Mound Builders - Once believed to have been an ancient and mysterious people whose mounds, fortifications, and monumental structures are to be found in the northern lake section of Wisconsin, the Ohio Valley, and the Gulf region.

Skeletons of the Mound Builders show that they did not differ from those of the modern Indian, and articles of European manufacture found in mounds indicate that many mounds were built after the arrival of Columbus.

Modern archeological work has demonstrated that there were a number of types of mounds built by many different groups of Indians over a period of two thousand years.
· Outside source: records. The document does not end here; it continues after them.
Lemma tf_iter_mono (a b : O) : on_le b a -> cpo_le (tf_iter b) (tf_iter a).
Proof.
  revert b. induction a as [a IH] using (well_founded_induction (@on_lt_wf O)).
  intros b Hba. destruct (classic (b = a)) as [->|Hne]; [apply cpo_refl|].
  have Hchain a' : on_le a' a -> chain (@cpo_le T) (tf_iter_below a').
  { intro Ha'. apply tf_iter_below_chain. intros c d Hc Hdc.
    apply IH; auto. eapply on_lt_le_trans; eauto. }
  have [_ Hleast] := sup_spec (chain_has_sup (Hchain b Hba)).
  have [Hub _] := sup_spec (chain_has_sup (Hchain a (on_refl _))).
  rewrite (tf_iter_eq a) (tf_iter_eq b). apply Phi_mono, Hleast.
  intros q [c [Hc <-]]. apply Hub. exists c. split; auto.
  eapply on_lt_le_trans; eauto.
Qed.

Lemma tf_iter_sup_spec (a : O) :
  is_sup (@cpo_le T) (tf_iter_below a) (sup (tf_iter_below a)).
Proof.
  apply sup_spec, chain_has_sup, tf_iter_below_chain.
  intros b c _. apply tf_iter_mono.
Qed.

Lemma tf_iter_le_step (a : O) : cpo_le (tf_iter a) (Phi (tf_iter a)).
Proof.
  rewrite {1}(tf_iter_eq a). apply Phi_mono, (proj2 (tf_iter_sup_spec a)).
  intros q [b [Hb <-]]. apply tf_iter_mono, Hb.
Qed.

Lemma tf_iter_le_prefixed (p : T) :
  cpo_le (Phi p) p -> forall a : O, cpo_le (tf_iter a) p.
Proof.
  intros Hp a. induction a as [a IH] using (well_founded_induction (@on_lt_wf O)).
  rewrite (tf_iter_eq a). apply cpo_trans with (Phi p); [|exact Hp].
  apply Phi_mono, (proj2 (tf_iter_sup_spec a)).
  intros q [b [Hb <-]]. apply IH, Hb.
Qed.

End TransfiniteIteration.

Lemma sz_s_mono (BB : SizedCPO) (x y : sz_B BB) :
  cpo_le x y -> on_le (sz_s x) (sz_s y).
Proof.
  intro Hxy.
  have Hdir : directed (@cpo_le (sz_B BB)) (fun u => u = x \/ u = y).
  { split; [exists x; auto|].
    intros u v Hu Hv. exists y.
    destruct Hu as [->| ->]; destruct Hv as [->| ->]; auto using cpo_refl. }
  have Hsup : is_sup (@cpo_le (sz_B BB)) (fun u => u = x \/ u = y) y.
  { split; [intros u [->| ->]; auto using cpo_refl|]. intros v Hv. apply Hv; auto. }
  apply (proj1 (sz_s_cont Hdir Hsup)). exists x; auto.
Qed.

Section SizedIteration.
Variables (BB : SizedCPO) (m : nat) (S : Type) (g : 'I_m -> S -> S).
Variables (F : S -> ('I_m -> sz_B BB) -> sz_B BB) (eta : S -> ('I_m -> sz_On BB) -> sz_On BB).
Hypothesis F_regular : forall x, regular (F x).
Hypothesis eta_size : forall x y, eta x (fun i => sz_s (y i)) = sz_s (F x y).
Hypothesis eta_gt_min : forall x (alpha : 'I_m -> sz_On BB),
  (exists k, on_lt (alpha k) (on_zeta (sz_On BB))) ->
  forall mu, (exists i, alpha i = mu) -> (forall i, on_le mu (alpha i)) ->
    on_lt mu (eta x alpha).

Definition step (q : S -> sz_B BB) : S -> sz_B BB := fun x => F x (fun i => q (g i x)).

Local Notation stage := (@tf_iter (fun_cpo S (sz_B BB)) (sz_On BB) step).

Lemma step_mono : monotone (@cpo_le (fun_cpo S (sz_B BB))) (@cpo_le (fun_cpo S (sz_B BB))) step.
Proof. intros p q Hpq x. apply (proj1 (F_regular x)). intro i. apply Hpq. Qed.

Lemma eta_zeta (x : S) : eta x (fun _ => on_zeta (sz_On BB)) = on_zeta (sz_On BB).
Proof.
  have [top Htop] := sz_s_surj (on_zeta (sz_On BB)).
  have Hmax : maximal (@prod_le BB m) (fun _ => top).
  { intros y Hy. apply functional_extensionality. intro i.
    apply (proj1 (sz_s_zeta top) Htop), Hy. }
  rewrite <- Htop, (eta_size x (fun _ => top)), Htop.
  apply (proj2 (sz_s_zeta _)), (proj2 (F_regular x)), Hmax.
Qed.

Lemma size_tf_iter (a : sz_On BB) (x : S) :
  on_le a (sz_s (stage a x)).
Proof.
  revert x. induction a as [a IH] using (well_founded_induction (@on_lt_wf (sz_On BB))).
  intro x. rewrite (@tf_iter_eq (fun_cpo S (sz_B BB)) _ step a) /step -eta_size.
  apply (progressive_of_gt_min (eta_zeta x) (eta_gt_min x)).
  intros c Hc i. apply on_trans with (sz_s (stage c (g i x))).
  - apply IH, Hc.
  - apply sz_s_mono, (proj1 (tf_iter_sup_spec step_mono a)). exists c; auto.
Qed.

Lemma tf_iter_zeta_maximal (x : S) :
  maximal (@cpo_le (sz_B BB)) (stage (on_zeta (sz_On BB)) x).
Proof.
  apply (proj1 (sz_s_zeta _)), on_antisym; [apply on_zeta_top|apply size_tf_iter].
Qed.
The earliest Mound Builders are known as the Burial Mound People.  Their mounds were evidently an aspect of a Cult of the Dead which moved into the Ohio Valley.  Much later another mound building culture came into the area and their mounds were known as Temple Mounds.  These mounds in general are larger than those of the Burial Mound People and were erected as substructures for their wooden temples.  Such mounds continued to be built until the beginning of the seventeenth century.  Many of the tribes visited by DeSoto were Mound Builders.
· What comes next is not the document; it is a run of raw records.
(* If $X \subset S^{\mathbb{Z}}$ is a one-dimensional sofic shift, then its Cantor–Bendixson derivative $X^{(1)}$ is also a sofic shift.
   Context: A one-dimensional subshift over a finite alphabet $S$ is a closed, shift-invariant subset of $S^{\mathbb{Z}}$. A sofic shift is the image of a subshift of finite type (a subshift defined by a finite set of forbidden words) under a block map (a continuous shift-commuting map). The Cantor–Bendixson derivative $X^{(1)} = X'$ is the set of non-isolated points of $X$, i.e. $\{x \in X \mid x \in \overline{X \setminus \{x\}}\}$. *)

From mathcomp Require Import all_boot.
From Stdlib Require Import ZArith.

Set Implicit Arguments.
Unset Strict Implicit.
Unset Printing Implicit Defensive.

Definition config (S : Type) := Z -> S.
Definition cset (S : Type) := config S -> Prop.

Definition shift (S : Type) (x : config S) : config S := fun i => x (i + 1)%Z.

Definition agree (S : Type) (n : nat) (x y : config S) : Prop :=
  forall i : Z, (Z.abs i <= Z.of_nat n)%Z -> x i = y i.

(* Product topology (S discrete), written via cylinder neighbourhoods. *)
Definition closed_set (S : Type) (X : cset S) : Prop :=
  forall x, (forall n, exists y, X y /\ agree n x y) -> X x.

Definition shift_invariant (S : Type) (X : cset S) : Prop :=
  (forall x, X x -> X (shift x)) /\
  (forall y, X y -> exists x, X x /\ (forall i, shift x i = y i)).

Definition subshift (S : Type) (X : cset S) : Prop :=
  closed_set X /\ shift_invariant X.

Fixpoint occurs_at (S : Type) (x : config S) (i : Z) (w : seq S) : Prop :=
  match w with
  | [::] => True
  | a :: w' => x i = a /\ occurs_at x (i + 1)%Z w'
  end.

Definition SFT (A : finType) (Y : cset A) : Prop :=
  exists F : seq (seq A),
    forall y, Y y <-> (forall w, w \in F -> forall i, ~ occurs_at y i w).

Definition continuous_map (A S : Type) (phi : config A -> config S) : Prop :=
  forall (x : config A) (n : nat), exists m : nat,
    forall y, agree m x y -> agree n (phi x) (phi y).

Definition block_map (A S : Type) (phi : config A -> config S) : Prop :=
  continuous_map phi /\ (forall x i, phi (shift x) i = shift (phi x) i).

Definition sofic (S : finType) (X : cset S) : Prop :=
  exists (A : finType) (Y : cset A) (phi : config A -> config S),
    SFT Y /\ block_map phi /\
    (forall x, X x <-> exists y, Y y /\ (forall i, phi y i = x i)).

Definition CB_derivative (S : Type) (X : cset S) : cset S :=
  fun x => X x /\
    forall n : nat, exists y, X y /\ (exists j, y j <> x j) /\ agree n x y.

(* Write X = phi(Y) with Y a subshift of finite type and phi a block map.  After
   establishing that Y has a gluing window L (two points of Y agreeing on a window of
   width 2L+1 may be spliced there) and that phi has a finite radius r, we cut points
   of Y into blocks of width 2(r+L+1)+1.  A point x of X is non-isolated iff points of
   X agree with x on arbitrarily large windows and differ outside; these differences
   lie either to the right or to the left for arbitrarily large windows.  We build a
   finite graph whose vertices are pairs (H, s), where H is a set of blocks all reading
   s and containing two blocks that can be legally continued to the right into different
   readings.  Labels of its bi-infinite paths are non-isolated points of X (gluing and
   compactness), and every point of the first kind is such a label, along the path
   whose i-th vertex is the set of blocks at i that extend with reading x arbitrarily
   far to the left.  Reflecting the whole situation handles the second kind, and the
   disjoint union of the two graphs is a vertex shift with a one-block labelling,
   hence a sofic presentation of X'. *)
From Stdlib Require Import ZArith Lia ClassicalEpsilon Classical FunctionalExtensionality.
From mathcomp Require Import all_boot zify.

Set Implicit Arguments.
Unset Strict Implicit.
Unset Printing Implicit Defensive.

(* The classical truth value of a proposition, to define finite sets by arbitrary
   (undecidable) properties. *)
Definition classicb (P : Prop) : bool :=
  if excluded_middle_informative P then true else false.

Lemma classicbP (P : Prop) : classicb P = true <-> P.
Proof. by rewrite /classicb; case: excluded_middle_informative. Qed.

Definition translate (A : Type) (k : Z) (y : config A) : config A := fun i => y (i + k)%Z.

(* Agreement on the open window (-n, n); unlike [agree], vacuous for n = 0. *)
Definition agree_lt (A : Type) (n : nat) (x y : config A) : Prop :=
  forall i : Z, (Z.abs i < Z.of_nat n)%Z -> x i = y i.

(** * Compactness of A^Z *)

Lemma pigeonhole_antitone (T : finType) (Q : nat -> T -> Prop) :
  (forall n m t, n <= m -> Q m t -> Q n t) ->
  (forall n, exists t, Q n t) -> exists t, forall n, Q n t.
Proof.
move=> Qanti Qall; apply: NNPP => Hnone.
have Hfail t : exists N, ~ Q N t.
  apply: NNPP => H; apply: Hnone; exists t => n.
  by apply: NNPP => Hn; apply: H; exists n.
pose N t := proj1_sig (constructive_indefinite_description _ (Hfail t)).
have [t Ht] := Qall (\max_t N t).
apply: (proj2_sig (constructive_indefinite_description _ (Hfail t))).
exact: Qanti (leq_bigmax t) Ht.
Qed.

Lemma pigeonhole_frequent (T : finType) (P : nat -> Prop) (f : nat -> T) :
  (forall N, exists k, N <= k /\ P k) ->
  exists t, forall N, exists k, N <= k /\ P k /\ f k = t.
Proof.
move=> Pinf.
apply: (@pigeonhole_antitone T (fun N t => exists k, N <= k /\ P k /\ f k = t)).
  move=> n m t le [k [Hk [Pk fk]]]; exists k; split=> //; exact: leq_trans Hk.
by move=> n; have [k [Hk Pk]] := Pinf n; exists (f k), k.
Qed.

Section ClusterPoint.
(* Every sequence in A^Z has a cluster point: the product of finite sets is
   sequentially compact.  The point is built window by window. *)
Variable A : finType.
Variable z : nat -> config A.

Definition frequent_agree (c : config A) (n : nat) :=
  forall N, exists k, N <= k /\ agree_lt n c (z k).

Lemma frequent_agree_extend c n :
  frequent_agree c n -> exists c', agree_lt n c c' /\ frequent_agree c' n.+1.
Proof.
move=> H.
have [t Ht] := pigeonhole_frequent (fun k => (z k (- Z.of_nat n)%Z, z k (Z.of_nat n))) H.
have [k0 [_ [Hk0 Ek0]]] := Ht 0.
exists (z k0); split => // N.
have [k [Hk [Ak Ek]]] := Ht N.
exists k; split => // i Hi.
have [Hi'|Hi'] : (Z.abs i < Z.of_nat n \/ Z.abs i = Z.of_nat n)%Z by lia.
  by rewrite -(Hk0 i Hi') (Ak i Hi').
rewrite -Ek in Ek0; case: Ek0 => E1 E2.
have [->|->] : (i = - Z.of_nat n \/ i = Z.of_nat n)%Z by lia.
  by rewrite E1.
by rewrite E2.
Qed.

Lemma frequent_agree0 : frequent_agree (z 0) 0.
Proof. by move=> N; exists N; split => // i Hi; lia. Qed.

Fixpoint approx (n : nat) : {c : config A | frequent_agree c n} :=
  match n with
  | 0 => exist _ (z 0) frequent_agree0
  | m.+1 => let: exist c h := approx m in
      let ex := constructive_indefinite_description _ (frequent_agree_extend h) in
      exist _ (proj1_sig ex) (proj2 (proj2_sig ex))
  end.

Lemma approx_coherent n m :
  n <= m -> agree_lt n (proj1_sig (approx n)) (proj1_sig (approx m)).
Proof.
elim: m => [|m IH]; first by rewrite leqn0 => /eqP->.
rewrite leq_eqVlt => /orP [/eqP->|]; first by [].
rewrite ltnS => Hnm i Hi; rewrite (IH Hnm i Hi) /=.
case: (approx m) => c h /=.
case: (constructive_indefinite_description _ _) => c' [Hc' _] /=.
apply: Hc'; lia.
Qed.

Definition cluster_point : config A :=
  fun i => proj1_sig (approx (Z.to_nat (Z.abs i)).+1) i.

Lemma cluster_pointP n N : exists k, N <= k /\ agree_lt n cluster_point (z k).
Proof.
have [k [Hk Ak]] := proj2_sig (approx n) N.
exists k; split => // i Hi; rewrite -Ak // /cluster_point.
have [le|lt] := leqP (Z.to_nat (Z.abs i)).+1 n; last by lia.
by rewrite (approx_coherent le) //; lia.
Qed.
End ClusterPoint.

(** * Block maps are sliding block codes *)

(* By compactness, a continuous map is uniformly continuous: the 0-th coordinate of
   the image only depends on a fixed window of the argument. *)
Lemma continuous_uniform_at0 (A S : finType) (phi : config A -> config S) :
  continuous_map phi ->
  exists r : nat, forall y y', agree r y y' -> phi y 0%Z = phi y' 0%Z.
Proof.
move=> Hc; apply: NNPP => Hno.
have Hbad r : exists p : config A * config A,
    agree r p.1 p.2 /\ phi p.1 0%Z <> phi p.2 0%Z.
  apply: NNPP => H; apply: Hno; exists r => y y' Ha.
  by apply: NNPP => Hne; apply: H; exists (y, y').
pose q r := proj1_sig (constructive_indefinite_description _ (Hbad r)).
have Hq r : agree r (q r).1 (q r).2 /\ phi (q r).1 0%Z <> phi (q r).2 0%Z.
  exact: (proj2_sig (constructive_indefinite_description _ (Hbad r))).
pose p := cluster_point (fun r i => ((q r).1 i, (q r).2 i)).
pose y := fun i => (p i).1.
have [m Hm] := Hc y 0.
have [k [Hk Ak]] := cluster_pointP (fun r i => ((q r).1 i, (q r).2 i)) m.+1 m.
have [Hqa Hqb] := Hq k.
have E1 : agree m y (q k).1 by move=> i Hi; rewrite /y /p (Ak i) //; lia.
have E2 : agree m y (q k).2 by move=> i Hi; rewrite (E1 i Hi); apply: Hqa; lia.
apply: Hqb.
by rewrite -(Hm _ E1 0%Z ltac:(lia)) -(Hm _ E2 0%Z ltac:(lia)).
Qed.

Lemma block_map_translate (A S : Type) (phi : config A -> config S) :
  block_map phi -> forall k y i, phi (translate k y) i = phi y (i + k)%Z.
Proof.
move=> [_ Hs].
have Hpos (n : nat) y i :
    phi (translate (Z.of_nat n) y) i = phi y (i + Z.of_nat n)%Z.
  elim: n y i => [|n IH] y i.
    have -> : translate (Z.of_nat 0) y = y.
      by apply: functional_extensionality => j; rewrite /translate Z.add_0_r.
    by rewrite Z.add_0_r.
  have -> : translate (Z.of_nat n.+1) y = shift (translate (Z.of_nat n) y).
    by apply: functional_extensionality => j; rewrite /translate /shift; congr y; lia.
  by rewrite Hs /shift IH; congr phi; lia.
move=> k y i; case: (Z_le_gt_dec 0 k) => Hk.
  by rewrite (_ : k = Z.of_nat (Z.to_nat k)); [apply: Hpos | lia].
have Hy : y = translate (Z.of_nat (Z.to_nat (- k))) (translate k y).
  by apply: functional_extensionality => j; rewrite /translate; congr y; lia.
by rewrite [in RHS]Hy Hpos; congr phi; lia.
Qed.

(* Curtis-Hedlund-Lyndon: a block map has a finite radius r. *)
Lemma block_map_local (A S : finType) (phi : config A -> config S) :
  block_map phi -> exists r : nat, forall y y' i,
    (forall k, (Z.abs (k - i) <= Z.of_nat r)%Z -> y k = y' k) -> phi y i = phi y' i.
Proof.
move=> Hb; have [r Hr] := continuous_uniform_at0 (proj1 Hb).
exists r => y y' i H.
rewrite -[i]Z.add_0_l -!(block_map_translate Hb).
by apply: Hr => k Hk; rewrite /translate; apply: H; lia.
Qed.

(** * Gluing in subshifts of finite type *)

Lemma occurs_at_translate (A : Type) (y : config A) k w i :
  occurs_at (translate k y) i w <-> occurs_at y (i + k)%Z w.
Proof.
elim: w i => [|a w IH] i //=.
by rewrite IH /translate; have -> : (i + 1 + k = i + k + 1)%Z by lia.
Qed.

Lemma occurs_at_ext (A : Type) (y y' : config A) w i :
  (forall j, (i <= j < i + Z.of_nat (size w))%Z -> y j = y' j) ->
  occurs_at y i w -> occurs_at y' i w.
Proof.
elim: w i => [|a w IH] i //= H [H1 H2]; split; first by rewrite -H //; lia.
by apply: IH => // j Hj; apply: H; lia.
Qed.

Definition splice (A : Type) (y z : config A) (c : Z) : config A :=
  fun k => if (k <? c)%Z then y k else z k.

Section SFTGluing.
Variables (A : finType) (F : seq (seq A)) (Y : cset A).
Hypothesis HY : forall y, Y y <-> (forall w, w \in F -> forall i, ~ occurs_at y i w).

Lemma SFT_translate k y : Y y -> Y (translate k y).
Proof. by move/HY => H; apply/HY => w Hw i; rewrite occurs_at_translate; exact: H. Qed.

Definition window := \max_(w <- F) size w.

Lemma forbidden_size w : w \in F -> size w <= window.
Proof. by move=> Hw; exact: (@leq_bigmax_seq _ _ _ (fun w => size w)). Qed.

(* Two points of Y agreeing on a window of width 2 window + 1 around c can be
   spliced at c: every forbidden word fits on one side of c. *)
Lemma SFT_splice y z c :
  Y y -> Y z ->
  (forall k, (c - Z.of_nat window <= k <= c + Z.of_nat window)%Z -> y k = z k) ->
  Y (splice y z c).
Proof.
move=> /HY Hy /HY Hz Hag; apply/HY => w Hw i Hocc.
have Hs : (Z.of_nat (@size A w) <= Z.of_nat window)%Z by apply/inj_le/leP/forbidden_size.
case: (Z_lt_le_dec i (c - Z.of_nat window)) => Hi.
  apply: (Hy w Hw i); apply: (occurs_at_ext _ Hocc) => j Hj.
  by rewrite /splice (_ : (j <? c)%Z = true) //; apply/Z.ltb_lt; lia.
apply: (Hz w Hw i); apply: (occurs_at_ext _ Hocc) => j Hj.
rewrite /splice; case: (Z.ltb_spec j c) => Hjc //.
by apply: Hag; lia.
Qed.

(* A forbidden occurrence is seen on a finite window, so SFTs are closed. *)
Lemma SFT_closed : closed_set Y.
Proof.
move=> x H; apply/HY => w Hw i Hocc.
have [y [/HY Hy Ha]] := H (Z.to_nat (Z.abs i + Z.of_nat (@size A w))).
apply: (Hy w Hw i); apply: (occurs_at_ext _ Hocc) => j Hj.
by apply: Ha; lia.
Qed.
End SFTGluing.

Definition mirror (T : Type) (x : config T) : config T := fun i => x (- i)%Z.

Lemma mirrorK (T : Type) (x : config T) : mirror (mirror x) = x.
Proof. by apply: functional_extensionality => i; rewrite /mirror Z.opp_involutive. Qed.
The largest mound in the United States is the Cahokia mound in Madison County, Illinois.  It is 100 feet high and the base covers 16 acres.  Emerald Mound in Mississippi is another large mound.

The great Serpent Mound in Adams County , Ohio, is 500 feet in length.  There is a "platform mound" in Missouri 150 feet long and 25 feet high.  Two "bird mounds," said to represent birds, are in Georgia, and a mound with a moat and encircling wall and another fashioned in the form of an oblong enclosure are in West Virginia.